VIIIЛанни сказал своей новой приятельнице, чтобы она надела теплое пальто, он прихватил в машину теплый плед и повез ее вокруг Женевского озера. Это дорога длиною примерно в девяносто миль; такой поездки не предпринимают, если нет желания познакомиться поближе со своей спутницей. Они любовались прекрасными видами. Спустились сумерки, наступил вечер. Обоим казалось, что они уже много лет знают друг друга. Говорили о природе, искусстве и жизни — но только не о любви, о ней они не осмеливались говорить.
Но когда они уселись за маленьким столиком в уютной нише, оба остро осознали, что случилось. Мисс Слоан поднимала на своего спутника карие глаза, и щеки ее и шея покрывались румянцем. Она снова быстро опускала глаза — она не могла вынести его взгляда. Ланни понял и боялся смотреть на нее, боялся смущать ее. И они пытались снова говорить о проблемах Европы; но бог с ней, с Европой!..

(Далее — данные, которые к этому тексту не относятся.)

(* Let $\nu\ge1$, $d:\mathbb{Z}^\nu\to\mathbb{C}$ bounded, $J=J_0+D$ on $\ell^2(\mathbb{Z}^\nu)$. Suppose that for some $j\in\{1,\dots,\nu\}$, $$\sup_{(k_1,\dots,k_{j-1},k_{j+1},\dots,k_\nu)\in\mathbb{Z}^{\nu-1}}\big|\Im\big(d(k_1,\dots,k_{j-1},n,k_{j+1},\dots,k_\nu)\big)\big|\to0$$ as $n\to+\infty$ (or as $n\to-\infty$). (For $\nu=1$ this means $\Im(d(n))\to0$ as $n\to+\infty$, or as $n\to-\infty$.) Then every boundary eigenvalue of $J$ is real.
   Context: $J_0$ is the discrete Laplacian on $\ell^2(\mathbb{Z}^\nu)$: $(J_0u)(k)=\sum_{l\in\mathbb{Z}^\nu:\|l\|_1=1}u(k+l)$, $\|l\|_1=\sum_j|l_j|$. $D$ is multiplication by $d$. The numerical range is $\operatorname{Num}(J)=\{\langle Ju,u\rangle:\|u\|=1\}$, and a boundary eigenvalue of $J$ is an eigenvalue of $J$ lying in the topological boundary of $\operatorname{Num}(J)$. *)

From Stdlib Require Import Reals ZArith List.
Import ListNotations.
Open Scope R_scope.

Definition Cx : Type := (R * R)%type.
Definition Re (z : Cx) : R := fst z.
Definition Im (z : Cx) : R := snd z.
Definition C0 : Cx := (0, 0).
Definition Cadd (z w : Cx) : Cx := (Re z + Re w, Im z + Im w).
Definition Csub (z w : Cx) : Cx := (Re z - Re w, Im z - Im w).
Definition Cmul (z w : Cx) : Cx :=
  (Re z * Re w - Im z * Im w, Re z * Im w + Im z * Re w).
Definition Cconj (z : Cx) : Cx := (Re z, - Im z).
Definition Cmod (z : Cx) : R := sqrt (Re z * Re z + Im z * Im z).
Definition RtoC (r : R) : Cx := (r, 0).

Definition lattice (nu : nat) (k : list Z) : Prop := length k = nu.

(* k + delta * e_i  (i is 0-indexed) *)
Definition shift (k : list Z) (i : nat) (delta : Z) : list Z :=
  firstn i k ++ (nth i k 0%Z + delta)%Z :: skipn (S i) k.

Definition lsum (f : list Z -> Cx) (F : list (list Z)) : Cx :=
  fold_right (fun k acc => Cadd (f k) acc) C0 F.

(* unconditional sum of f over the (countable) set S: the net of finite
   partial sums over finite subsets of S converges to s *)
Definition has_sum (S : list Z -> Prop) (f : list Z -> Cx) (s : Cx) : Prop :=
  forall eps : R, eps > 0 ->
    exists F0 : list (list Z), NoDup F0 /\ Forall S F0 /\
      forall F : list (list Z), NoDup F -> Forall S F -> incl F0 F ->
        Cmod (Csub (lsum f F) s) < eps.

Definition normsq_fun (u : list Z -> Cx) : list Z -> Cx :=
  fun k => RtoC (Cmod (u k) * Cmod (u k)).

Definition in_l2 (nu : nat) (u : list Z -> Cx) : Prop :=
  exists s : Cx, has_sum (lattice nu) (normsq_fun u) s.

Definition inner (nu : nat) (v u : list Z -> Cx) (z : Cx) : Prop :=
  has_sum (lattice nu) (fun k => Cmul (v k) (Cconj (u k))) z.

(* (J0 u)(k) = sum_{l in Z^nu, ||l||_1 = 1} u(k + l) *)
Fixpoint J0_aux (u : list Z -> Cx) (k : list Z) (n : nat) : Cx :=
  match n with
  | O => C0
  | S m => Cadd (J0_aux u k m)
                (Cadd (u (shift k m 1%Z)) (u (shift k m (-1)%Z)))
  end.

Definition J0 (nu : nat) (u : list Z -> Cx) : list Z -> Cx :=
  fun k => J0_aux u k nu.

Definition Jop (nu : nat) (d : list Z -> Cx) (u : list Z -> Cx) : list Z -> Cx :=
  fun k => Cadd (J0 nu u k) (Cmul (d k) (u k)).

Definition NumRange (nu : nat) (d : list Z -> Cx) (z : Cx) : Prop :=
  exists u : list Z -> Cx,
    has_sum (lattice nu) (normsq_fun u) (RtoC 1) /\
    inner nu (Jop nu d u) u z.

Definition is_eigenvalue (nu : nat) (d : list Z -> Cx) (lam : Cx) : Prop :=
  exists u : list Z -> Cx,
    in_l2 nu u /\ (exists k, lattice nu k /\ u k <> C0) /\
    forall k, lattice nu k -> Jop nu d u k = Cmul lam (u k).

Definition in_boundary (A : Cx -> Prop) (z : Cx) : Prop :=
  (forall eps : R, eps > 0 -> exists w, A w /\ Cmod (Csub w z) < eps) /\
  (forall eps : R, eps > 0 -> exists w, ~ A w /\ Cmod (Csub w z) < eps).

Definition is_boundary_eigenvalue (nu : nat) (d : list Z -> Cx) (lam : Cx) : Prop :=
  is_eigenvalue nu d lam /\ in_boundary (NumRange nu d) lam.

(* Let lam be an eigenvalue with eigenvector u and suppose Im lam <> 0.
   1. Unique continuation: an eigenvector vanishing on a half-space
      {k : sigma * k_j >= N} vanishes identically, because the eigenvalue
      equation at a site next to the half-space expresses the value of u at
      the single outside neighbour through values already known to be zero.
      Since Im d tends to 0 along direction j, u therefore cannot vanish at
      every site where Im d = Im lam fails: there is a site k0 with
      u(k0) <> 0 and Im d(k0) <> Im lam.
   2. Rank-two test vectors: normalise u and put x = alpha u + beta e_k0.
      Choosing alpha = t (1 - q conj u(k0)), beta = t q gives a unit vector with
      <Jx, x> = t^2 (lam + q a + |q|^2 c), where a = 2i (Im d(k0) - Im lam) conj u(k0)
      is non-zero. A continuity (IVT) argument shows that these values cover
      a whole disc around lam, so lam is an interior point of Num(J),
      contradicting that it lies on the boundary.
   The argument only uses pointwise identities. *)

From Pilot Require Import Defs.
From Stdlib Require Import Reals ZArith List Lra Lia Classical.
From Coquelicot Require Complex.
Import ListNotations.
Open Scope R_scope.

Lemma Cx_eq (z w : Cx) : Re z = Re w -> Im z = Im w -> z = w.
Proof. destruct z, w; unfold Re, Im; simpl; intros; subst; reflexivity. Qed.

С Ланни случилось то, что случалось уже не раз. Было слишком много привлекательных женщин на свете, и невозможно было любить их всех. У него было достаточно опыта, чтобы знать: независимо от того, что женщина говорит или даже во что она верит, если она любит мужчину, то хочет, чтобы он принадлежал ей всецело и навсегда. Ту кратковременную радость, которую он мог бы ей дать, перевесит боль, которую причинит разлука. «Любите их и бросайте их», — может быть, хорошее правило для черствых сердец, но Ланни был добр и принимал к сердцу судьбу женщин, с которыми сталкивала его судьба.

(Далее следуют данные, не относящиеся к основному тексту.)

(* Let $d\ge1$, $L\ge1$, $1\le q<d$. For every integer $T\ge(2L)^d$, $\mathbb{D}_{\mathrm{onl}}(\mathcal{H}_L)\ge(2L)^qT^{1-q/d}$ (with respect to the loss $\ell_q$). In particular $\mathbb{D}_{\mathrm{onl}}(\mathcal{H}_L)=\infty$.
   Context: $\mathcal{X}=[-1,1]^d$, $\mathcal{Y}=[0,1]$, $\mathcal{H}_L=\{h:\mathcal X\to[0,1]:|h(x)-h(x')|\le L\|x-x'\|_\infty\}$, loss $\ell_q(y,y')=|y-y'|^q$. Scaled Littlestone tree of depth $D\le\infty$: internal nodes $u\in\{0,1\}^{<D}$ labeled $x_u\in\mathcal X$, edges labeled $s_{u,0},s_{u,1}\in\mathcal{Y}$, gap $\gamma_u=\ell_q(s_{u,0},s_{u,1})$; realizable by $\mathcal{H}_L$ if for every branch $b$ and finite $n\le D$ some $h\in\mathcal{H}_L$ has $h(x_{b_{\le t}})=s_{b_{\le t},b_{t+1}}$ for $t<n$ ($b_{\le t}$ the length-$t$ prefix). $\mathbb{D}_{\mathrm{onl}}(\mathcal{H}_L)=\sup_{\mathcal T}\inf_b\sum_t\gamma_{b_{\le t}}$ over realizable trees and their branches. *)

From HB Require Import structures.
From mathcomp Require Import all_boot all_order all_algebra.
From mathcomp Require Import all_classical all_reals all_analysis.
Set Implicit Arguments. Unset Strict Implicit. Unset Printing Implicit Defensive.
Import Order.TTheory GRing.Theory Num.Theory.
Local Open Scope classical_set_scope.
Local Open Scope ring_scope.

Section Defs.
Variables (R : realType) (d : nat).

Definition pt := 'I_d -> R.
Definition inX (x : pt) : Prop := forall i, -1 <= x i <= 1.
Definition inY (y : R) : Prop := 0 <= y <= 1.
Definition dist_inf (x x' : pt) : R := \big[Order.max/0]_(i < d) `|x i - x' i|.

Definition inHL (L : R) (h : pt -> R) : Prop :=
  (forall x, inX x -> inY (h x)) /\
  (forall x x', inX x -> inX x' -> `|h x - h x'| <= L * dist_inf x x').

Definition lossq (q : R) (y y' : R) : R := `|y - y'| `^ q.

(* scaled Littlestone tree; depth None means D = oo.
   Nodes are bit sequences u with size u < D; node u is labelled x_u,
   edges out of u labelled s_{u,0}, s_{u,1}. *)
Record ltree := LTree {
  depth : option nat;
  node : seq bool -> pt;
  edge : seq bool -> bool -> R }.

Definition lt_depth (D : option nat) (k : nat) : Prop :=
  if D is Some n then (k < n)%N else True.
Definition le_depth (D : option nat) (k : nat) : Prop :=
  if D is Some n then (k <= n)%N else True.

Definition wf_tree (T : ltree) : Prop :=
  forall u, lt_depth (depth T) (size u) ->
    inX (node T u) /\ inY (edge T u false) /\ inY (edge T u true).

(* prefix b_{<= t} of length t of a branch b *)
Definition prefix (b : nat -> bool) (t : nat) : seq bool := mkseq b t.

Definition realizable (L : R) (T : ltree) : Prop :=
  forall (b : nat -> bool) (n : nat), le_depth (depth T) n ->
    exists h, inHL L h /\
      forall t, (t < n)%N -> h (node T (prefix b t)) = edge T (prefix b t) (b t).

Definition gap (q : R) (T : ltree) (u : seq bool) : R :=
  lossq q (edge T u false) (edge T u true).

Definition branch_gain (q : R) (T : ltree) (b : nat -> bool) : \bar R :=
  match depth T with
  | Some n => (\sum_(t < n) gap q T (prefix b t))%:E
  | None => (\sum_(0 <= t <oo) (gap q T (prefix b t))%:E)%E
  end.

Definition D_onl (L q : R) : \bar R :=
  ereal_sup [set ereal_inf [set branch_gain q T b | b in [set: nat -> bool]]
            | T in [set T | wf_tree T /\ realizable L T]].

End Defs.

(* The grid {-1 + 2j/k : 0 <= j <= k}^d has (k+1)^d points at pairwise sup-distance
   at least 2/k. Enumerating them along the depth of a tree, with edge labels 0 and
   L/k at every node, gives a realizable tree: for any branch, the maximum of the
   L-Lipschitz cones of height L/k centred at the points where the branch went right
   realizes it, because each cone vanishes at every other grid point. Every
   branch of this tree gains (k+1)^d (L/k)^q >= k^(d-q), which is unbounded in k as
   q < d; hence D_onl(H_L) = +oo and every finite lower bound holds. *)
From HB Require Import structures.
From mathcomp Require Import all_boot all_order all_algebra.
From mathcomp Require Import all_classical all_reals all_analysis.
From mathcomp Require Import ring lra.
Set Implicit Arguments. Unset Strict Implicit. Unset Printing Implicit Defensive.
Import Order.TTheory GRing.Theory Num.Theory.
Local Open Scope classical_set_scope.
Local Open Scope ring_scope.

Lemma dist_max (R : realDomainType) (a1 a2 b1 b2 c : R) :
  `|a1 - b1| <= c -> `|a2 - b2| <= c ->
  `|Order.max a1 a2 - Order.max b1 b2| <= c.
Proof.
rewrite !ler_norml => /andP[h1 h2] /andP[h3 h4].
rewrite !maxEle; case: (leP a1 a2) => ha; case: (leP b1 b2) => hb;
  apply/andP; split; lra.
Qed.

Lemma dist_bigmax (R : realDomainType) (I : Type) (r : seq I) (P : pred I)
    (f g : I -> R) (c : R) :
  0 <= c -> (forall i, P i -> `|f i - g i| <= c) ->
  `|\big[Order.max/0]_(i <- r | P i) f i - \big[Order.max/0]_(i <- r | P i) g i|
    <= c.
Proof.
move=> c0 fg; apply: (big_ind2 (fun a b => `|a - b| <= c)) => //.
  by rewrite subrr normr0.
by move=> a1 b1 a2 b2; apply: dist_max.
Qed.

Lemma ler1_distn (R : numDomainType) (a b : nat) : a != b -> 1 <= `|a%:R - b%:R : R|.
Proof.
case: (ltngtP a b) => // ab _; last by rewrite -natrB ?(ltnW ab) // normr_nat ler1n subn_gt0.
by rewrite distrC -natrB ?(ltnW ab) // normr_nat ler1n subn_gt0.
Qed.

Section SupDistance.
Variables (R : realType) (d : nat).
Implicit Types (x y z : pt R d).

Lemma dist_inf_ge0 x y : 0 <= dist_inf x y.
Proof. by rewrite /dist_inf; elim/big_ind: _ => // a b ha hb; rewrite le_max ha. Qed.

Lemma ler_dist_inf x y i : `|x i - y i| <= dist_inf x y.
Proof. exact: le_bigmax. Qed.

Lemma dist_inf_le x y c : 0 <= c -> (forall i, `|x i - y i| <= c) ->
  dist_inf x y <= c.
Proof. by move=> c0 xy; apply: bigmax_le. Qed.

Lemma dist_infC x y : dist_inf x y = dist_inf y x.
Proof. by apply: eq_bigr => i _; rewrite distrC. Qed.

Lemma dist_inf_triangle x y z : dist_inf x z <= dist_inf x y + dist_inf y z.
Proof.
apply: dist_inf_le => [|i]; first by rewrite addr_ge0 ?dist_inf_ge0.
by apply: le_trans (ler_distD (y i) _ _) _; apply: lerD; apply: ler_dist_inf.
Qed.

Lemma dist_infxx x : dist_inf x x = 0.
Proof.
apply/le_anti; rewrite dist_inf_ge0 andbT.
by apply: dist_inf_le => // i; rewrite subrr normr0.
Qed.

End SupDistance.

Section Cone.
Variables (R : realType) (d : nat) (L e : R) (p : pt R d).
Hypotheses (L_ge0 : 0 <= L) (e_ge0 : 0 <= e).

Definition cone (x : pt R d) : R := Order.max 0 (e - L * dist_inf x p).

Lemma cone_lipschitz x x' : `|cone x - cone x'| <= L * dist_inf x x'.
Proof.
apply: dist_max; first by rewrite subrr normr0 mulr_ge0 ?dist_inf_ge0.
have -> : e - L * dist_inf x p - (e - L * dist_inf x' p) =
    L * (dist_inf x' p - dist_inf x p) by ring.
rewrite normrM ger0_norm //; apply: ler_wpM2l => //.
have t1 := dist_inf_triangle x x' p; have t2 := dist_inf_triangle x' x p.
rewrite (dist_infC x' x) in t2; rewrite ler_norml; apply/andP; split; lra.
Qed.

Lemma cone_ge0 x : 0 <= cone x.
Proof. by rewrite le_max lexx. Qed.

Lemma cone_le x : cone x <= e.
Proof. by rewrite ge_max e_ge0 gerBl mulr_ge0 ?dist_inf_ge0. Qed.

Lemma cone_center : cone p = e.
Proof. by rewrite /cone dist_infxx mulr0 subr0 max_r. Qed.

Lemma cone_outside x : e <= L * dist_inf x p -> cone x = 0.
Proof. by move=> far; rewrite /cone max_l // subr_le0. Qed.

End Cone.

Section PackingTree.
Variables (R : realType) (d : nat) (L e : R) (ps : seq (pt R d)).
Hypotheses (L_ge0 : 0 <= L) (e_ge0 : 0 <= e) (e_le1 : e <= 1).
Hypothesis ps_inX : forall p, p \in ps -> inX p.
(* [nth] needs a default point; it is never read at a tree node. *)
Let pnt (i : nat) : pt R d := nth (fun=> 0) ps i.
Hypothesis ps_separated : forall i j, (i < size ps)%N -> (j < size ps)%N ->
  i != j -> e <= L * dist_inf (pnt i) (pnt j).

Definition packing_tree : ltree R d :=
  LTree (Some (size ps)) (fun u => pnt (size u)) (fun _ right => if right then e else 0).

Definition cone_selector (b : nat -> bool) (n : nat) (x : pt R d) : R :=
  \big[Order.max/0]_(t < n) (if b t then cone L e (pnt t) x else 0).

Lemma cone_selector_HL b n : inHL L (cone_selector b n).
Proof.
split=> [x _ | x x' _ _].
  apply/andP; split.
    rewrite /cone_selector; elim/big_ind: _ => // [a c ha _|t _].
      by rewrite le_max ha.
    by case: (b t); rewrite ?cone_ge0.
  apply: bigmax_le => // t _; case: (b t) => //.
  by apply: le_trans e_le1; apply: cone_le.
apply: dist_bigmax => [|t _]; first by rewrite mulr_ge0 ?dist_inf_ge0.
case: (b t); last by rewrite subrr normr0 mulr_ge0 ?dist_inf_ge0.
exact: cone_lipschitz.
Qed.

Lemma cone_selector_at b n s : (s < n)%N -> (n <= size ps)%N ->
  cone_selector b n (pnt s) = if b s then e else 0.
Proof.
move=> sn nps; have ce : cone L e (pnt s) (pnt s) = e by apply: cone_center.
apply/le_anti/andP; split.
  apply: bigmax_le => [|t _]; first by case: (b s).
  have [->|ts] := eqVneq (val t) s; first by case: (b s); rewrite ?ce.
  case: (b t); last by case: (b s).
  rewrite cone_outside; first by case: (b s).
  by rewrite dist_infC ps_separated // ?(leq_trans _ nps) // eq_sym.
apply: le_trans (le_bigmax _ _ (Ordinal sn)) => /=.
by case: (b s); rewrite ?ce.
Qed.

Lemma packing_tree_wf : wf_tree packing_tree.
Proof.
move=> u /= lt_u; split; first by apply: ps_inX; rewrite mem_nth.
by rewrite /inY lexx ler01 e_ge0 e_le1.
Qed.

Lemma packing_tree_realizable : realizable L packing_tree.
Proof.
move=> b n /= nps; exists (cone_selector b n); split; first exact: cone_selector_HL.
by move=> t tn; rewrite /prefix size_mkseq cone_selector_at.
Qed.

Lemma packing_tree_gain q b :
  branch_gain q packing_tree b = ((size ps)%:R * e `^ q)%:E.
Proof.
rewrite /branch_gain /= (eq_bigr (fun _ => e `^ q)) ?sumr_const ?card_ord ?mulr_natl //.
by move=> t _; rewrite /gap /lossq /= sub0r normrN ger0_norm.
Qed.

End PackingTree.

Lemma D_onl_ge (R : realType) (d : nat) (L q M : R) (T : ltree R d) :
  wf_tree T -> realizable L T -> (forall b, (M%:E <= branch_gain q T b)%E) ->
  (M%:E <= D_onl d L q)%E.
Proof.
move=> wfT realT gainT; apply: le_trans (ereal_sup_ubound _); last by exists T.
by apply/ereal_infP => _ [b _ <-].
Qed.

Section Grid.
Variables (R : realType) (d k : nat).
Hypothesis k_gt0 : (0 < k)%N.

Let k_pos : 0 < k%:R :> R. Proof. by rewrite ltr0n. Qed.

Definition grid_point (f : {ffun 'I_d -> 'I_k.+1}) : pt R d :=
  fun i => -1 + 2 * (f i)%:R / k%:R.

Definition grid : seq (pt R d) := map grid_point (enum {ffun 'I_d -> 'I_k.+1}).

Lemma size_grid : size grid = (k.+1 ^ d)%N.
Proof. by rewrite size_map -cardE card_ffun !card_ord. Qed.

Lemma grid_point_inX f : inX (grid_point f).
Proof.
move=> i; have lo : 0 <= 2 * (f i)%:R / k%:R :> R by rewrite divr_ge0 ?mulr_ge0.
have hi : 2 * (f i)%:R / k%:R <= 2 :> R.
  by rewrite ler_pdivrMr // ler_wpM2l // ler_nat -ltnS.
by rewrite /grid_point; apply/andP; split; lra.
Qed.

Lemma grid_point_sep f g : f != g -> 2 / k%:R <= dist_inf (grid_point f) (grid_point g).
Proof.
move=> fg; have [i fgi] : exists i, f i != g i.
  apply/existsP; apply: contraR fg => /existsPn eq_fg.
  by apply/eqP/ffunP => i; apply/eqP/negPn.
apply: le_trans (ler_dist_inf _ _ i); rewrite /grid_point.
have -> : -1 + 2 * (f i)%:R / k%:R - (-1 + 2 * (g i)%:R / k%:R) =
    2 / k%:R * ((f i)%:R - (g i)%:R) :> R by field; rewrite gt_eqF.
rewrite normrM ger0_norm ?divr_ge0 // ler_peMr ?divr_ge0 //.
by apply: ler1_distn; rewrite (inj_eq val_inj).
Qed.

Lemma grid_separated (L : R) : 0 <= L -> forall i j,
  (i < size grid)%N -> (j < size grid)%N -> i != j ->
  L / k%:R <= L * dist_inf (nth (fun=> 0) grid i) (nth (fun=> 0) grid j).
Proof.
move=> L_ge0 i j; rewrite size_map enumT => ilt jlt ij.
rewrite !(nth_map [ffun=> ord0]) ?enumT //.
apply: le_trans (ler_wpM2l L_ge0 (grid_point_sep _)); last first.
  by rewrite nth_uniq // -enumT enum_uniq.
by rewrite mulrA ler_pM2r ?invr_gt0 // ler_peMr // ler1n.
Qed.

Lemma grid_gain_ge (L q : R) : 1 <= L -> 0 <= q ->
  k%:R `^ (d%:R - q) <= (size grid)%:R * (L / k%:R) `^ q.
Proof.
move=> L_ge1 q_ge0; rewrite powRD ?pnatr_eq0 -?lt0n ?k_gt0 ?implybT // size_grid.
apply: ler_pM; rewrite ?powR_ge0 //.
  by rewrite powR_mulrn // -natrX ler_nat; elim: d => // n IH; rewrite !expnS leq_mul.
rewrite -mulN1r powRrM; apply: ge0_ler_powR; rewrite ?nnegrE ?powR_ge0 ?divr_ge0 //.
  exact: le_trans L_ge1.
by rewrite powRN powRr1 ?ler0n // ler_pdivlMr // mulVf ?gt_eqF.
Qed.

End Grid.

Lemma D_onl_ge_grid (R : realType) (d k : nat) (L q : R) :
  (0 < k)%N -> 1 <= L -> L <= k%:R -> 0 <= q ->
  ((k%:R `^ (d%:R - q))%:E <= D_onl d L q)%E.
Proof.
move=> k_gt0 L_ge1 Lk q_ge0.
have L_ge0 : 0 <= L := le_trans ler01 L_ge1.
have e_ge0 : 0 <= L / k%:R by rewrite divr_ge0.
have e_le1 : L / k%:R <= 1 by rewrite ler_pdivrMr ?ltr0n // mul1r.
have grid_inX : forall p, p \in grid R d k -> inX p.
  by move=> _ /mapP[f _ ->]; apply: grid_point_inX.
have grid_sep := @grid_separated R d k k_gt0 L L_ge0.
apply: (D_onl_ge (packing_tree_wf e_ge0 e_le1 grid_inX)
                 (packing_tree_realizable L_ge0 e_ge0 e_le1 grid_sep)) => b.
by rewrite packing_tree_gain // lee_fin grid_gain_ge.
Qed.

Theorem theoremA8 (R : realType) (d : nat) (L q : R) :
  (1 <= d)%N -> 1 <= L -> 1 <= q -> q < d%:R ->
  (forall T : nat, (2 * L) `^ d%:R <= T%:R ->
     (((2 * L) `^ q * T%:R `^ (1 - q / d%:R))%:E <= D_onl d L q)%E)
  /\ D_onl d L q = +oo%E.
Proof.
move=> _ L_ge1 q_ge1 qd.
suff D_inf : D_onl d L q = +oo%E by split=> // T _; rewrite D_inf leey.
apply/eqyP => M M_gt0.
have r_gt0 : 0 < d%:R - q by rewrite subr_gt0.
set A := M `^ (d%:R - q)^-1.
have A_ge0 : 0 <= A by rewrite powR_ge0.
have L_ge0 : 0 <= L := le_trans ler01 L_ge1.
pose k := Num.Def.archi_bound (A + L).
have AL_lt_k : A + L < k%:R by apply: archi_boundP; rewrite addr_ge0.
have Lk : L <= k%:R by apply/ltW/(le_lt_trans _ AL_lt_k); rewrite lerDr.
have Ak : A <= k%:R by apply/ltW/(le_lt_trans _ AL_lt_k); rewrite lerDl.
have k_gt0 : (0 < k)%N by rewrite -(ltr0n R) (lt_le_trans ltr01) ?(le_trans L_ge1).
apply: le_trans (D_onl_ge_grid d k_gt0 L_ge1 Lk (le_trans ler01 q_ge1)).
have -> : M = A `^ (d%:R - q) by rewrite /A -powRrM mulVf ?gt_eqF // powRr1 // ltW.
rewrite lee_fin; apply: ge0_ler_powR; rewrite ?nnegrE ?ler0n //; exact: ltW.
Qed.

В данный момент положение было особенно неприятным. Он целый месяц уговаривал Мари приехать в Бьенвеню. Он написал ей, что заедет за ней, и сейчас она готовится к поездке на юг. Он собирался провести в дороге весь следующий день и приехать в Париж поздно вечером; Мари будет ждать его в отеле, краска заиграет у нее на щеках, она раскроет ему свои нежные объятия. Теперь ее образ встал между ним и Дженнет Слоан, разгородив их туманной завесой.

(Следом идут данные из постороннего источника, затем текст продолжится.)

(* Let $X$ be a symmetric sequence space and $E$ a Banach sequence lattice on which all shifts $\tau_n$, $n\in\mathbb Z$, are bounded, with $k_-(E)<1$, such that $a\in X$ iff $\sum_{k=0}^\infty a^*_{2^k}e_{k+1}\in E$ and $\|a\|_X\asymp\|\sum_{k=0}^\infty a^*_{2^k}e_{k+1}\|_E$. Then the lower Boyd index satisfies $\alpha_X>0$.
   Context: A Banach sequence lattice is a Banach space $E$ of real sequences such that $x\in E$, $|y_k|\le|x_k|$ imply $y\in E$, $\|y\|_E\le\|x\|_E$. $u^*$ is the nonincreasing rearrangement of $(|u_k|)$. A symmetric sequence space is a Banach sequence lattice $X\subset\ell^\infty$ such that $x\in X$, $y^*=x^*$ imply $y\in X$, $\|y\|_X=\|x\|_X$; standing assumption: $X$ is separable or has the Fatou property. $\tau_nx=(x_{k-n})_{k\ge1}$, $x_j:=0$ for $j\notin\mathbb N$; $k_-(E)=\lim_n\|\tau_{-n}\|_E^{1/n}$. For $m\in\mathbb N$, $\sigma_{1/m}a=(\frac1m\sum_{k=(n-1)m+1}^{nm}a_k)_{n\ge1}$ and $\alpha_X=-\lim_{m\to\infty}\frac{\log_2\|\sigma_{1/m}\|_X}{\log_2m}$. $f\asymp g$ means two-sided estimates with constants independent of the arguments. *)

From Stdlib Require Import Reals Lra Lia ZArith List.
From Coquelicot Require Import Coquelicot.
Open Scope R_scope.

(* Real sequences.  Index i : nat here stands for the paper's index i+1. *)
Definition seqR := nat -> R.

Definition sq_zero : seqR := fun _ => 0.
Definition sq_add (x y : seqR) : seqR := fun k => x k + y k.
Definition sq_sub (x y : seqR) : seqR := fun k => x k - y k.
Definition sq_scal (c : R) (x : seqR) : seqR := fun k => c * x k.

Нет, не может он этого сделать! Он продолжал говорить о проблемах войны и мира, и, когда они вернулись в машину, он укутал ее теплым пледом, но не согрел ее теплом своих объятий. Однако ему было любопытно: кто же она? Одна из тех современных женщин, которые срывают цветы наслаждения? Большинство американок, приезжавших в Европу, приезжали не для того, чтобы блюсти свою девственность. Пока она говорила о проблеме санкций и о плачевных последствиях отказа Америки принять участие в бойкоте агрессора — «это настоящее штрейкбрехерство», сказала она, — мысль Ланни блуждала по боковым тропам. Он думал: «Хотел бы я знать, права ли Бьюти, и должен ли я жениться. Хотел бы я знать, была ли бы мне хорошей женой эта девушка. Может быть, надо остаться и поближе с ней познакомиться. Как я могу решить что-нибудь, если буду вечно спасаться бегством?»
Было поздно, когда они подъехали к пансиону, где она жила. Ночь была безлунная, и уличный фонарь находился на некотором расстоянии. Ланни вышел, подал руку, чтобы помочь ей, и рука ее осталась в его руке; может быть, и естественно пожимать руку друзьям, расставаясь с ними. Он сказал: — Как жаль, что я должен уехать. — Он хотел повернуться и сесть в машину, но почувствовал, что рука ее дрожит, да и его пальцы дрогнули. Вдруг он услышал слабый шепот: — Ланни, я хочу вам сказать одну вещь, — я считаю, что вы лучший из людей, которых я встречала.
— О нет! — крикнул он. В ее голосе была боль, а он не желал так глубоко задеть ее чувство.
— О да! — ответила она. — Поцелуйте меня один разок.
Разумеется, он не мог сказать «нет». Он обнял ее, и губы их встретились в долгом поцелуе.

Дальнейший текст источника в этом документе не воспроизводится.